WHAT IS EXPECTED: Transcribe the records that follow, keeping every word as it stands.
========
Lemma esym_recip_sum M k :
  esym recip (S M) (S k) = sum_f_R0 (fun n => esym recip n k / INR (S n)) M.
Proof.
  induction M as [|M IH]; rewrite esym_recip_S; [simpl; ring|].
  rewrite IH; reflexivity.
Qed.

Lemma Rdiv_nonneg_le_contravar x a b : 0 <= x -> 0 < a <= b -> 0 <= x / b <= x / a.
Proof.
  intros Hx Hab; split; unfold Rdiv.
  - apply Rmult_le_pos; [lra|apply Rlt_le, Rinv_0_lt_compat; lra].
  - apply Rmult_le_compat_l; [lra|apply Rinv_le_contravar; lra].
Qed.

Lemma inv_INR_S_cv : Un_cv (fun N => / INR (S N)) 0.
Proof.
  apply (cv_infty_cv_0 (fun N => INR (S N))); intros M.
  destruct (INR_unbounded M) as [N HN]; exists N; intros n Hn.
  apply Rlt_le_trans with (INR N); [lra|apply le_INR; lia].
Qed.

(* By [esym_recip_sum], e_(k+1)(N)/N is the Cesaro mean of e_k(n)/(n+1). *)
Lemma esym_recip_div_cv k : Un_cv (fun N => esym recip N k / INR (S N)) 0.
Proof.
  induction k as [|k IH].
  - apply (Un_cv_ext (fun N => / INR (S N))); [|exact inv_INR_S_cv].
    intros N; rewrite esym_0; unfold Rdiv; ring.
  - apply (Un_cv_squeeze_0 _ (fun N => sum_f_R0 (fun n => esym recip n k / INR (S n)) (pred N)
                                      / INR N) 1); [|exact (Cesaro_1 _ 0 IH)].
    intros [|M] HM; [lia|]; simpl pred; rewrite <- esym_recip_sum.
    apply Rdiv_nonneg_le_contravar; [apply esym_recip_nonneg|].
    split; [apply lt_0_INR|apply le_INR]; lia.
Qed.

Lemma esym_recip_div_risingR_cv k p :
  (0 < p)%nat -> Un_cv (fun N => esym recip N k / risingR N p) 0.
Proof.
  intros Hp; apply (Un_cv_squeeze_0 _ (fun N => esym recip N k / INR (S N)) 0);
    [intros N _|exact (esym_recip_div_cv k)].
  apply Rdiv_nonneg_le_contravar; [apply esym_recip_nonneg|].
  split; [apply lt_0_INR; lia|apply risingR_ge, Hp].
Qed.
Lemma arithmetical_glue (R A B : comPzRingType) (cA : corner R A) (cB : corner R B) :
  cidem cA + cidem cB = 1 -> arithmetical A -> arithmetical B -> arithmetical R.
Proof.
move=> e1 hA hB; apply/arithmeticalP => n a M hM.
have glue Z (c : corner R Z) : ~ M (cidem c) -> arithmetical Z ->
    gen_principal (fun i => loc_map_at (maximal_prime hM) (a i)).
  move=> Me /arithmeticalP hZ; have hMZ := maximal_cimage hM Me.
  have [d [_ dE]] := loc_corner_cimage (maximal_prime hM) (maximal_prime hMZ) Me.
  suff <- : (fun i => cproj d (loc_map_at _ (cproj c (a i)))) =
            (fun i => loc_map_at (maximal_prime hM) (a i)).
    exact/gen_principal_cproj/hZ.
  by apply: funext => i; rewrite dE.
by case: (prime_idem_compl (maximal_prime hM) e1) => Me;
  [exact: glue _ cA Me hA|exact: glue _ cB Me hB].
Qed.

Lemma gen_ideal_map (X Y : comPzRingType) (h : X -> Y)
    (hD : {morph h : x y / x + y}) (hM : {morph h : x y / x * y})
    (k : Y) n (a : 'I_n -> X) (b : 'I_n -> Y) :
  (forall i, h (a i) = k * b i) -> forall x, gen_ideal a x -> gen_ideal b (h x).
Proof.
move=> hab _ [r ->]; exists (fun i => h (r i) * k).
by rewrite (big_morph h hD (morph0 hD)); apply: eq_bigr => i _; rewrite hM hab mulrA.
Qed.

Lemma map_mx_scaleD (X Y : comPzRingType) (h : X -> Y)
    (hD : {morph h : x y / x + y}) (hM : {morph h : x y / x * y}) m n k (u v : 'M_(m, n)) :
  map_mx h (k *: u + v) = h k *: map_mx h u + map_mx h v.
Proof. by apply/matrixP => i j; rewrite !mxE hD hM. Qed.

Lemma linear_row0 (R : comPzRingType) m (p : 'rV[R]_m -> R) :
  (forall c u v, p (c *: u + v) = c * p u + p v) -> p 0 = 0.
Proof.
move=> hp; have := hp 1 0 0; rewrite scaler0 addr0 mul1r => h.
by apply: (@addrI _ (p 0)); rewrite addr0 -h.
Qed.

Section SemihereditaryCorner.
Variables (X Y : comPzRingType) (c : corner X Y).
Local Notation phi := (cproj c).
Local Notation sec := (csec c).

Lemma gen_ideal_cproj n (a : 'I_n -> X) x :
  gen_ideal a x -> gen_ideal (fun i => phi (a i)) (phi x).
Proof. by apply: (gen_ideal_map (cprojD c) (cprojM c) (k := 1)) => i; rewrite mul1r. Qed.

Lemma gen_ideal_csec n (a : 'I_n -> Y) y :
  gen_ideal a y -> gen_ideal (fun i => sec (a i)) (sec y).
Proof. by apply: (gen_ideal_map (csecD c) (csecM c) (k := 1)) => i; rewrite mul1r. Qed.

Lemma semihereditary_corner : semihereditary X -> semihereditary Y.
Proof.
move=> hX n a; have [m [p [s [pL pI sL ps]]]] := hX n (fun i => sec (a i)).
exists m, (fun u => phi (p (map_mx sec u))), (fun y => map_mx phi (s (sec y))); split.
- by move=> k u v; rewrite (map_mx_scaleD (csecD c) (csecM c)) pL cprojD cprojM cproj_sec.
- move=> u; have [r ->] := pI (map_mx sec u); rewrite cproj_sum.
  by exists (fun i => phi (r i)); apply: eq_bigr => i _; rewrite cprojM cproj_sec.
- move=> k x y Ix Iy; rewrite csecD csecM sL; try exact: gen_ideal_csec.
  by apply/matrixP => i j; rewrite !mxE cprojD cprojM cproj_sec.
- move=> x Ix.
  have -> : map_mx sec (map_mx phi (s (sec x))) = cidem c *: s (sec x).
    by apply/matrixP => i j; rewrite !mxE csec_proj.
  have := pL (cidem c) (s (sec x)) 0; rewrite !addr0 (linear_row0 pL) addr0 => ->.
  by rewrite cprojM cproj_idem mul1r ps ?cproj_sec //; exact: gen_ideal_csec.
Qed.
========
TASK RESPONSE:
Lemma esym_recip_sum M k :
  esym recip (S M) (S k) = sum_f_R0 (fun n => esym recip n k / INR (S n)) M.
Proof.
  induction M as [|M IH]; rewrite esym_recip_S; [simpl; ring|].
  rewrite IH; reflexivity.
Qed.

Lemma Rdiv_nonneg_le_contravar x a b : 0 <= x -> 0 < a <= b -> 0 <= x / b <= x / a.
Proof.
  intros Hx Hab; split; unfold Rdiv.
  - apply Rmult_le_pos; [lra|apply Rlt_le, Rinv_0_lt_compat; lra].
  - apply Rmult_le_compat_l; [lra|apply Rinv_le_contravar; lra].
Qed.

Lemma inv_INR_S_cv : Un_cv (fun N => / INR (S N)) 0.
Proof.
  apply (cv_infty_cv_0 (fun N => INR (S N))); intros M.
  destruct (INR_unbounded M) as [N HN]; exists N; intros n Hn.
  apply Rlt_le_trans with (INR N); [lra|apply le_INR; lia].
Qed.

(* By [esym_recip_sum], e_(k+1)(N)/N is the Cesaro mean of e_k(n)/(n+1). *)
Lemma esym_recip_div_cv k : Un_cv (fun N => esym recip N k / INR (S N)) 0.
Proof.
  induction k as [|k IH].
  - apply (Un_cv_ext (fun N => / INR (S N))); [|exact inv_INR_S_cv].
    intros N; rewrite esym_0; unfold Rdiv; ring.
  - apply (Un_cv_squeeze_0 _ (fun N => sum_f_R0 (fun n => esym recip n k / INR (S n)) (pred N)
                                      / INR N) 1); [|exact (Cesaro_1 _ 0 IH)].
    intros [|M] HM; [lia|]; simpl pred; rewrite <- esym_recip_sum.
    apply Rdiv_nonneg_le_contravar; [apply esym_recip_nonneg|].
    split; [apply lt_0_INR|apply le_INR]; lia.
Qed.

Lemma esym_recip_div_risingR_cv k p :
  (0 < p)%nat -> Un_cv (fun N => esym recip N k / risingR N p) 0.
Proof.
  intros Hp; apply (Un_cv_squeeze_0 _ (fun N => esym recip N k / INR (S N)) 0);
    [intros N _|exact (esym_recip_div_cv k)].
  apply Rdiv_nonneg_le_contravar; [apply esym_recip_nonneg|].
  split; [apply lt_0_INR; lia|apply risingR_ge, Hp].
Qed.
Lemma arithmetical_glue (R A B : comPzRingType) (cA : corner R A) (cB : corner R B) :
  cidem cA + cidem cB = 1 -> arithmetical A -> arithmetical B -> arithmetical R.
Proof.
move=> e1 hA hB; apply/arithmeticalP => n a M hM.
have glue Z (c : corner R Z) : ~ M (cidem c) -> arithmetical Z ->
    gen_principal (fun i => loc_map_at (maximal_prime hM) (a i)).
  move=> Me /arithmeticalP hZ; have hMZ := maximal_cimage hM Me.
  have [d [_ dE]] := loc_corner_cimage (maximal_prime hM) (maximal_prime hMZ) Me.
  suff <- : (fun i => cproj d (loc_map_at _ (cproj c (a i)))) =
            (fun i => loc_map_at (maximal_prime hM) (a i)).
    exact/gen_principal_cproj/hZ.
  by apply: funext => i; rewrite dE.
by case: (prime_idem_compl (maximal_prime hM) e1) => Me;
  [exact: glue _ cA Me hA|exact: glue _ cB Me hB].
Qed.

Lemma gen_ideal_map (X Y : comPzRingType) (h : X -> Y)
    (hD : {morph h : x y / x + y}) (hM : {morph h : x y / x * y})
    (k : Y) n (a : 'I_n -> X) (b : 'I_n -> Y) :
  (forall i, h (a i) = k * b i) -> forall x, gen_ideal a x -> gen_ideal b (h x).
Proof.
move=> hab _ [r ->]; exists (fun i => h (r i) * k).
by rewrite (big_morph h hD (morph0 hD)); apply: eq_bigr => i _; rewrite hM hab mulrA.
Qed.

Lemma map_mx_scaleD (X Y : comPzRingType) (h : X -> Y)
    (hD : {morph h : x y / x + y}) (hM : {morph h : x y / x * y}) m n k (u v : 'M_(m, n)) :
  map_mx h (k *: u + v) = h k *: map_mx h u + map_mx h v.
Proof. by apply/matrixP => i j; rewrite !mxE hD hM. Qed.

Lemma linear_row0 (R : comPzRingType) m (p : 'rV[R]_m -> R) :
  (forall c u v, p (c *: u + v) = c * p u + p v) -> p 0 = 0.
Proof.
move=> hp; have := hp 1 0 0; rewrite scaler0 addr0 mul1r => h.
by apply: (@addrI _ (p 0)); rewrite addr0 -h.
Qed.

Section SemihereditaryCorner.
Variables (X Y : comPzRingType) (c : corner X Y).
Local Notation phi := (cproj c).
Local Notation sec := (csec c).

Lemma gen_ideal_cproj n (a : 'I_n -> X) x :
  gen_ideal a x -> gen_ideal (fun i => phi (a i)) (phi x).
Proof. by apply: (gen_ideal_map (cprojD c) (cprojM c) (k := 1)) => i; rewrite mul1r. Qed.

Lemma gen_ideal_csec n (a : 'I_n -> Y) y :
  gen_ideal a y -> gen_ideal (fun i => sec (a i)) (sec y).
Proof. by apply: (gen_ideal_map (csecD c) (csecM c) (k := 1)) => i; rewrite mul1r. Qed.

Lemma semihereditary_corner : semihereditary X -> semihereditary Y.
Proof.
move=> hX n a; have [m [p [s [pL pI sL ps]]]] := hX n (fun i => sec (a i)).
exists m, (fun u => phi (p (map_mx sec u))), (fun y => map_mx phi (s (sec y))); split.
- by move=> k u v; rewrite (map_mx_scaleD (csecD c) (csecM c)) pL cprojD cprojM cproj_sec.
- move=> u; have [r ->] := pI (map_mx sec u); rewrite cproj_sum.
  by exists (fun i => phi (r i)); apply: eq_bigr => i _; rewrite cprojM cproj_sec.
- move=> k x y Ix Iy; rewrite csecD csecM sL; try exact: gen_ideal_csec.
  by apply/matrixP => i j; rewrite !mxE cprojD cprojM cproj_sec.
- move=> x Ix.
  have -> : map_mx sec (map_mx phi (s (sec x))) = cidem c *: s (sec x).
    by apply/matrixP => i j; rewrite !mxE csec_proj.
  have := pL (cidem c) (s (sec x)) 0; rewrite !addr0 (linear_row0 pL) addr0 => ->.
  by rewrite cprojM cproj_idem mul1r ps ?cproj_sec //; exact: gen_ideal_csec.
Qed.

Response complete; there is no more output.